--- What to work on ---
From the data below, retype exactly the lines starting with the one that contains "((ForwardStale R W" and ending with the one that contains "(~ (ForwardStale R", both included.

***

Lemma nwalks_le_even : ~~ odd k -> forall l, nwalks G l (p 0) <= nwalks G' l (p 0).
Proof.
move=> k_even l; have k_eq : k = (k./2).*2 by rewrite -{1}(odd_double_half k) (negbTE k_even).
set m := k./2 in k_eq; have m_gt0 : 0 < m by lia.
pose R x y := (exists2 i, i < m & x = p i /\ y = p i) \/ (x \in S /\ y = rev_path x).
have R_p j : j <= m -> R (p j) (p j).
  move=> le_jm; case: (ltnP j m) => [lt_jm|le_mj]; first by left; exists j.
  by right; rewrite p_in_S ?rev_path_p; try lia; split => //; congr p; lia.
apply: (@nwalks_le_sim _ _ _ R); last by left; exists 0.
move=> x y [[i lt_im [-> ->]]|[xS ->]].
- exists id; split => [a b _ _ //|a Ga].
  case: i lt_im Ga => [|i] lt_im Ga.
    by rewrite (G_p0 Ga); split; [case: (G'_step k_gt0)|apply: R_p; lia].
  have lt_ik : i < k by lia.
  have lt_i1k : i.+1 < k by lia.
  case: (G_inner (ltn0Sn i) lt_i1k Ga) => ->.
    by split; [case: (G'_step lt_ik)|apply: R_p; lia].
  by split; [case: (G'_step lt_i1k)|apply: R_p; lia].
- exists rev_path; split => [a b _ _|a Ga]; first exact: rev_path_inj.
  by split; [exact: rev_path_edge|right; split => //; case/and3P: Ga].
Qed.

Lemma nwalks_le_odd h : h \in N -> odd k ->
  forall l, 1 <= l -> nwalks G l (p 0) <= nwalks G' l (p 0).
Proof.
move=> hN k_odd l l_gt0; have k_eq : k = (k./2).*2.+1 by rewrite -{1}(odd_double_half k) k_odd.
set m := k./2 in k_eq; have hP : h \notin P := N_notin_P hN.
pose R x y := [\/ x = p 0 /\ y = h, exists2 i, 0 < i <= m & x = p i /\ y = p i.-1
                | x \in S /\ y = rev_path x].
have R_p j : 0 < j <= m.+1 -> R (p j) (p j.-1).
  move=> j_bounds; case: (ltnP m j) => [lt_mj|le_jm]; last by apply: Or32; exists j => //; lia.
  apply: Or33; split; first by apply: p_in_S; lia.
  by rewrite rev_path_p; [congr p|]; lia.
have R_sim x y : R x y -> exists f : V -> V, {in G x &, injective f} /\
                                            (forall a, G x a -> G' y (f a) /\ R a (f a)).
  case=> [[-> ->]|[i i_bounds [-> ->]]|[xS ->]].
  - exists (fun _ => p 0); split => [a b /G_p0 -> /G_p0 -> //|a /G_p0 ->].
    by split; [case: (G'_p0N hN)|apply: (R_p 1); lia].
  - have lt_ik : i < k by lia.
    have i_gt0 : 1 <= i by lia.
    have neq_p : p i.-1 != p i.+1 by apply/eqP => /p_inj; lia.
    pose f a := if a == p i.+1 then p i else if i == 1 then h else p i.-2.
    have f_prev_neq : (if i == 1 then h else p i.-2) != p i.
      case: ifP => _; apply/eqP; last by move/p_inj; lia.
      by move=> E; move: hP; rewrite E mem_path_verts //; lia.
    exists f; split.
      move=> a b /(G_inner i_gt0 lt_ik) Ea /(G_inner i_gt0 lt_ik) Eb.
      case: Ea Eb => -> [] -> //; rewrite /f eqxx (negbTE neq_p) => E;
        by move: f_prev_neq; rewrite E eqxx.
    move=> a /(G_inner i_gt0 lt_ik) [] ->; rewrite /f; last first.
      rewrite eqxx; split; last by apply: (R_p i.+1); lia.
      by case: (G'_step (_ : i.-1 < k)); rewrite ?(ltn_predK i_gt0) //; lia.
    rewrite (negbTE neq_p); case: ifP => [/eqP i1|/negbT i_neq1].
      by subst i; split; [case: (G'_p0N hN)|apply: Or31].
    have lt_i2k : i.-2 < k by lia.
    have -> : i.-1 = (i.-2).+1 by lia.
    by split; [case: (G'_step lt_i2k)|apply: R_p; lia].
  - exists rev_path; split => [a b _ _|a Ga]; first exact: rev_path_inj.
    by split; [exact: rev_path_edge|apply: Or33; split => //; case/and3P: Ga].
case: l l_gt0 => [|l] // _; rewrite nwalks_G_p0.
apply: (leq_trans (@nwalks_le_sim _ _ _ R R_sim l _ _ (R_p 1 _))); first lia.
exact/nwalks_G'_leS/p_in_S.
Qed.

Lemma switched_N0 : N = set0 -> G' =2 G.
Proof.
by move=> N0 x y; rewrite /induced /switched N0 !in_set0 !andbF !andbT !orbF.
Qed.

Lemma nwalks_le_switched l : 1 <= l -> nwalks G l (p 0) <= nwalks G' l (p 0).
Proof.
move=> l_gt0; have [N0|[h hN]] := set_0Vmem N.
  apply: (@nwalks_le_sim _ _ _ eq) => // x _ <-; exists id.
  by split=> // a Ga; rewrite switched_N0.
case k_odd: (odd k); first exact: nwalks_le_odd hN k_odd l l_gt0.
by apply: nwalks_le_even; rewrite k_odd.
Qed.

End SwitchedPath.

***

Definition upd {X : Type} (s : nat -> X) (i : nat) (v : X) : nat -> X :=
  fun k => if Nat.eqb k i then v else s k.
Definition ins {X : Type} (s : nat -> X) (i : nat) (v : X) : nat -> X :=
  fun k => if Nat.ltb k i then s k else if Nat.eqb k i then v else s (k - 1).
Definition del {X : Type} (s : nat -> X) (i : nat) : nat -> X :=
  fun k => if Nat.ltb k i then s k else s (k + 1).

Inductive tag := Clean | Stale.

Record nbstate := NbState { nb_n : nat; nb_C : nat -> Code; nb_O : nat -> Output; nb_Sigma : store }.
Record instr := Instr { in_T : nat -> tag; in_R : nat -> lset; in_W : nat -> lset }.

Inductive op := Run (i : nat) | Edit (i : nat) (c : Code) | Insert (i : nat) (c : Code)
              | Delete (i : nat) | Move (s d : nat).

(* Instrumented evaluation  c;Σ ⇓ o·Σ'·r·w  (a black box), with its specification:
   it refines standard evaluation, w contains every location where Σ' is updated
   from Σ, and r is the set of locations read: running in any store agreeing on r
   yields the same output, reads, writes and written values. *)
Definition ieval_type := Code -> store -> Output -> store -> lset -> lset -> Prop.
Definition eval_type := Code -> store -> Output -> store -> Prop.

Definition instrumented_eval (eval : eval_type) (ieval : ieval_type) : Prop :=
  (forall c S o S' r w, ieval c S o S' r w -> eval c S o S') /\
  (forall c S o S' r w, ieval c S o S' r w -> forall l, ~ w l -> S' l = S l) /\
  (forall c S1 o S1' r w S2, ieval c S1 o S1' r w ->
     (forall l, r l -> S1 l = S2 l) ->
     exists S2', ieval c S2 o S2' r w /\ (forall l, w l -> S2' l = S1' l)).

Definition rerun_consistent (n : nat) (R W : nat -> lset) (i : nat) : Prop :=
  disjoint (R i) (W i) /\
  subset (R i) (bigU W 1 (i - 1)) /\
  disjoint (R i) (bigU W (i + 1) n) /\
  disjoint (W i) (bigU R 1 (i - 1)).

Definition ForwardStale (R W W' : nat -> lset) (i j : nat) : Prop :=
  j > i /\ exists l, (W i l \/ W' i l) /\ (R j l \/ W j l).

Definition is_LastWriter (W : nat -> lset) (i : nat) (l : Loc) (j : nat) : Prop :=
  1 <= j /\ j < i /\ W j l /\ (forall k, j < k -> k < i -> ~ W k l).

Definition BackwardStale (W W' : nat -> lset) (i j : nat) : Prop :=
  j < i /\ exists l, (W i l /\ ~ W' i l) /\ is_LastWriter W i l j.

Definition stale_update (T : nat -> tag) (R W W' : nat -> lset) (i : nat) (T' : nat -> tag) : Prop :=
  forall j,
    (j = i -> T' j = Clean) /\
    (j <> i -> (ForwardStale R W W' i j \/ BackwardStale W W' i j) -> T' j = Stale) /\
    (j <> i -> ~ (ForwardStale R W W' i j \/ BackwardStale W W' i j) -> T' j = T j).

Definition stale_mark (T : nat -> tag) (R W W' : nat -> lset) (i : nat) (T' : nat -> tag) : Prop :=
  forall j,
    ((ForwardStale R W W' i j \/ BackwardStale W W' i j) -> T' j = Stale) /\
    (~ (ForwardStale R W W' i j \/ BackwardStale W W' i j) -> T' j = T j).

***

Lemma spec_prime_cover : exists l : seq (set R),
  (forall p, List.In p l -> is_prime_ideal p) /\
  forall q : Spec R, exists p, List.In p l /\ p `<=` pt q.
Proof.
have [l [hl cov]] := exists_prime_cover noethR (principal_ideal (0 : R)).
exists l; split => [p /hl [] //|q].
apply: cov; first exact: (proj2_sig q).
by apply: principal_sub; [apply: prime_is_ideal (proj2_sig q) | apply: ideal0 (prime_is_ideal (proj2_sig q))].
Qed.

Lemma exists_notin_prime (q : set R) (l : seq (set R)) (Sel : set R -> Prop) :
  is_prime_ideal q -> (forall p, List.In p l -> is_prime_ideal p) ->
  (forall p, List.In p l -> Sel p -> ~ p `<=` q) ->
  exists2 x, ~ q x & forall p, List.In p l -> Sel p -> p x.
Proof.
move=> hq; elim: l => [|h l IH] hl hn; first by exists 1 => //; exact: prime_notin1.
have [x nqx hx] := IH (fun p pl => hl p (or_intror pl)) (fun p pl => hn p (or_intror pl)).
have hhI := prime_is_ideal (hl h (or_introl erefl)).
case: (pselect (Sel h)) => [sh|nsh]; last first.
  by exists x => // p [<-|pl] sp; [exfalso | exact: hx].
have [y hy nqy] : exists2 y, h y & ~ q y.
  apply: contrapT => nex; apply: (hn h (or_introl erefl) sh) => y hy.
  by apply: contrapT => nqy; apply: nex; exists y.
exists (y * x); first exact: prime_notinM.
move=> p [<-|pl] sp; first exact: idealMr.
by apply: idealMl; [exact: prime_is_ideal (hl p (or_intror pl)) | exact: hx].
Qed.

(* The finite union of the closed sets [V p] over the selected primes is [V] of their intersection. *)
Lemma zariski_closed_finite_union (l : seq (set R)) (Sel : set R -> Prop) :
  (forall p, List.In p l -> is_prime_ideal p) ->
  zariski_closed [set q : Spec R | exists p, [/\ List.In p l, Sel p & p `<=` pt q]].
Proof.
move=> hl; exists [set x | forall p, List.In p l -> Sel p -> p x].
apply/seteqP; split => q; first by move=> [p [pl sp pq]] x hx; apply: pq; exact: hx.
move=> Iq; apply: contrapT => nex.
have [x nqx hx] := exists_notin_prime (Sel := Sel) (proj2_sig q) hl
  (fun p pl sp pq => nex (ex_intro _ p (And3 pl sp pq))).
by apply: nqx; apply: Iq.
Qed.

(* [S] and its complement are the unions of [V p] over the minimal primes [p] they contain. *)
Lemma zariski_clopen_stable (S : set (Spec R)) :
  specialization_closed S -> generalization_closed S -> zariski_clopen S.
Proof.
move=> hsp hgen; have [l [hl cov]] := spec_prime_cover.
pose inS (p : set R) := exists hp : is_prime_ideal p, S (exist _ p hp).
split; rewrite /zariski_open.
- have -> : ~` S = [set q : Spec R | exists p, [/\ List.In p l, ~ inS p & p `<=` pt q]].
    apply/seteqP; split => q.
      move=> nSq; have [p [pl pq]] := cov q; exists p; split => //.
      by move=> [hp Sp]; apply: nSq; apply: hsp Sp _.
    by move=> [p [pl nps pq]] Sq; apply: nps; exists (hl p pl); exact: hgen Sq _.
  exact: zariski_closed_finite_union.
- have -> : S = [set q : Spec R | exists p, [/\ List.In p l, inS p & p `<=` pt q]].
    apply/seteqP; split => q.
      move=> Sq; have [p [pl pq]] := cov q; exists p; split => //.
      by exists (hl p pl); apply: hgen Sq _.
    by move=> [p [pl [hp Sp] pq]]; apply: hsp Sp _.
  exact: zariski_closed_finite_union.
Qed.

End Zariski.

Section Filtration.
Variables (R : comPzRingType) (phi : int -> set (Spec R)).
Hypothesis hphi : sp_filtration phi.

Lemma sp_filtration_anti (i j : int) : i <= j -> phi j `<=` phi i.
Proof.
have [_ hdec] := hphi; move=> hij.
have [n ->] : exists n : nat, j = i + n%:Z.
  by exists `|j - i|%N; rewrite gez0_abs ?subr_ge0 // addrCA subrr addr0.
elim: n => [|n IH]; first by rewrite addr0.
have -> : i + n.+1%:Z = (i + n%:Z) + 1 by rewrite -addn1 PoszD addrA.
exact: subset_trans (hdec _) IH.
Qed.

***

--- Result of this task ---
    ((ForwardStale R W W' i j \/ BackwardStale W W' i j) -> T' j = Stale) /\
    (~ (ForwardStale R W W' i j \/ BackwardStale W W' i j) -> T' j = T j).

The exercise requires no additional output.